MailProbe-Py supports classification into multiple categories beyond just spam/not-spam:

```python
from mailprobe import MultiCategoryFilter, FolderBasedClassifier

# Multi-category classification
categories = ['work', 'personal', 'newsletters', 'spam']
with MultiCategoryFilter(categories) as classifier:
    # Train on different categories
    classifier.train_category('work', work_emails)
    classifier.train_category('personal', personal_emails)
    
    # Classify into categories
    result = classifier.classify(email_content)
    print(f"Category: {result.category}, Confidence: {result.confidence:.3f}")

# Folder-based classification (auto-discovers categories from folders)
with FolderBasedClassifier('emails/') as classifier:
    classifier.train_from_folders()  # Train from folder structure
    result = classifier.classify(email_content)
    print(f"Should go to folder: {result.category}")
```

## Commands

- `create-db` - Create a new spam database
- `train` - Score and selectively train on messages
- `receive` - Score and always train on messages  
- `score` - Score messages without updating database
- `good` - Mark messages as non-spam
- `spam` - Mark messages as spam
- `remove` - Remove messages from database
- `dump` - Export database contents
- `cleanup` - Remove old/rare terms from database
- `help` - Show detailed help for commands

## Configuration

MailProbe-Py stores its database in `~/.mailprobe-py/` by default.
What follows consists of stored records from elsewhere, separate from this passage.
Lemma coercive_from_schur M c k : 0 < c -> coercive_from M 0 c -> coercive_from (schur M k) k c.
Proof. intros Hc H0; induction k; simpl; auto using coercive_from_schur_step. Qed.

(* Doolittle factors: the pivot columns and rows of the successive Schur complements. *)
Definition Lfac (M : mat) : mat := fun i j =>
  if (i <? j)%nat then 0 else if (i =? j)%nat then 1 else schur M j i j / schur M j j j.

Definition Ufac (M : mat) : mat := fun i j => if (j <? i)%nat then 0 else schur M i i j.

Lemma Lfac_lower M : lower_tri (Lfac M).
Proof. intros i j H; unfold Lfac; destruct (Nat.ltb_spec i j); [auto | lia]. Qed.

Lemma Ufac_upper M : upper_tri (Ufac M).
Proof. intros i j H; unfold Ufac; destruct (Nat.ltb_spec j i); [auto | lia]. Qed.

Lemma Lfac_diag M i : Lfac M i i = 1.
Proof. unfold Lfac; rewrite Nat.ltb_irrefl, Nat.eqb_refl; auto. Qed.

Lemma Ufac_diag M i : Ufac M i i = schur M i i i.
Proof. unfold Ufac; rewrite Nat.ltb_irrefl; auto. Qed.

Lemma schur_telescope M k i j : (k <= i)%nat -> (k <= j)%nat ->
  M i j = fsum k (fun l => Lfac M i l * Ufac M l j) + schur M k i j.
Proof.
  induction k; intros Hi Hj; simpl; [lra|].
  rewrite IHk by lia. unfold Lfac, Ufac, schur_step.
  destruct (Nat.ltb_spec i k), (Nat.eqb_spec i k), (Nat.ltb_spec j k); try lia.
  unfold Rdiv; ring.
Qed.

Lemma Lfac_Ufac M : (forall k, schur M k k k <> 0) ->
  forall i j, M i j = matmul (Lfac M) (Ufac M) i j.
Proof.
  intros Hpiv i j. destruct (Nat.le_gt_cases i j) as [Hij | Hij].
  - rewrite (matmul_fsum _ _ _ _ (S i)) by (intros; rewrite Lfac_lower by lia; ring).
    simpl; rewrite (schur_telescope M i i j), Lfac_diag by lia.
    unfold Ufac; destruct (Nat.ltb_spec j i); [lia | ring].
  - rewrite (matmul_fsum _ _ _ _ (S j)) by (intros; rewrite Ufac_upper by lia; ring).
    simpl; rewrite (schur_telescope M j i j), Ufac_diag by lia.
    unfold Lfac; destruct (Nat.ltb_spec i j), (Nat.eqb_spec i j); try lia.
    field; auto.
Qed.

(** * Inverses of triangular matrices *)

Definition subst_row (T P : mat) (i : nat) : vec :=
  fun j => (idm i j - fsum i (fun l => T i l * P l j)) / T i i.

(* [subst_rows T n] holds the first [n] rows of the inverse, computed by forward substitution. *)
Fixpoint subst_rows (T : mat) (n : nat) : mat :=
  match n with
  | O => fun _ _ => 0
  | S n' => fun k j => if (k =? n')%nat then subst_row T (subst_rows T n') n' j
                       else subst_rows T n' k j
  end.

Definition lower_inv (T : mat) : mat := fun i j => subst_rows T (S i) i j.

Definition upper_inv (U : mat) : mat := trans (lower_inv (trans U)).

Lemma subst_rows_lower_inv T n k j : (k < n)%nat -> subst_rows T n k j = lower_inv T k j.
Proof.
  induction n; intros H; [lia|]; simpl.
  destruct (Nat.eqb_spec k n) as [->|]; [|apply IHn; lia].
  unfold lower_inv; simpl; rewrite Nat.eqb_refl; auto.
Qed.

Lemma lower_inv_row T i j : T i i <> 0 ->
  lower_inv T i j * T i i + fsum i (fun l => T i l * lower_inv T l j) = idm i j.
Proof.
  intros H. unfold lower_inv at 1; simpl; rewrite Nat.eqb_refl; unfold subst_row.
  rewrite (fsum_ext i _ (fun l => T i l * lower_inv T l j))
    by (intros; rewrite subst_rows_lower_inv; auto).
  field; auto.
Qed.

Section LowerInverse.

Variable T : mat.
Hypothesis T_diag : forall i, T i i <> 0.

Lemma lower_inv_lower : lower_tri (lower_inv T).
Proof.
  intros i; induction i as [i IH] using (well_founded_induction Wf_nat.lt_wf); intros j Hij.
  pose proof (lower_inv_row T i j (T_diag i)) as E.
  rewrite fsum_zero in E by (intros l Hl; rewrite (IH l Hl j) by lia; ring).
  unfold idm in E; destruct (Nat.eqb_spec i j); [lia|].
  rewrite Rplus_0_r in E; pose proof (T_diag i); apply Rmult_integral in E as [E|E]; lra.
Qed.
You can change this with the `-d` option:

```bash
poetry run mailprobe-py -d /path/to/database score < email.txt
```

## Integration with Mail Systems

### Procmail Example

Add to your `.procmailrc`:

```
:0 fw
| poetry run mailprobe-py receive

:0:
* ^X-MailProbe: SPAM
spam/
```

### Postfix Example

Configure as a content filter in Postfix to automatically score incoming mail.

## Accuracy

Like the original MailProbe, this implementation typically achieves:
- 99%+ spam detection rate
- Very low false positive rate (< 0.1%)
- Improves with training on your specific email patterns

## Testing

MailProbe-Py includes a comprehensive test suite with **97 tests** and **81% code coverage**.

### Running Tests

```bash
# Run all tests
poetry run pytest

# Run tests with coverage
poetry run pytest --cov=src/mailprobe --cov-report=html

# Run specific test categories
poetry run pytest tests/test_api.py      # API tests
poetry run pytest tests/test_cli.py      # CLI tests
poetry run pytest tests/test_filter.py   # Core filtering tests

# Use the convenient test runner
python run_tests.py quick      # Quick test run
python run_tests.py coverage   # With coverage report
python run_tests.py html       # Generate HTML report
```

### Test Coverage

- **API Tests**: High-level object-oriented interface
- **CLI Tests**: Command-line interface functionality  
- **Core Tests**: Spam filtering, database, tokenization
- **Integration Tests**: End-to-end workflows
- **Error Handling**: Edge cases and invalid inputs

All tests pass successfully and the library is ready for production use.

## Documentation

- **[USAGE.md](USAGE.md)** - Comprehensive usage guide with examples
- **[OO_API_GUIDE.md](OO_API_GUIDE.md)** - Object-oriented API documentation
- **[MULTI_CATEGORY_GUIDE.md](MULTI_CATEGORY_GUIDE.md)** - Multi-category classification guide
- **[DEVELOPMENT.md](DEVELOPMENT.md)** - Development setup and guidelines
- **[TEST_SUMMARY.md](TEST_SUMMARY.md)** - Detailed test documentation
- **[CHANGELOG.md](CHANGELOG.md)** - Version history and changes

## License

MIT License - see LICENSE file for details.

## Acknowledgments

Based on the original MailProbe by Burton Computer Corporation, inspired by Paul Graham's "A Plan for Spam" article.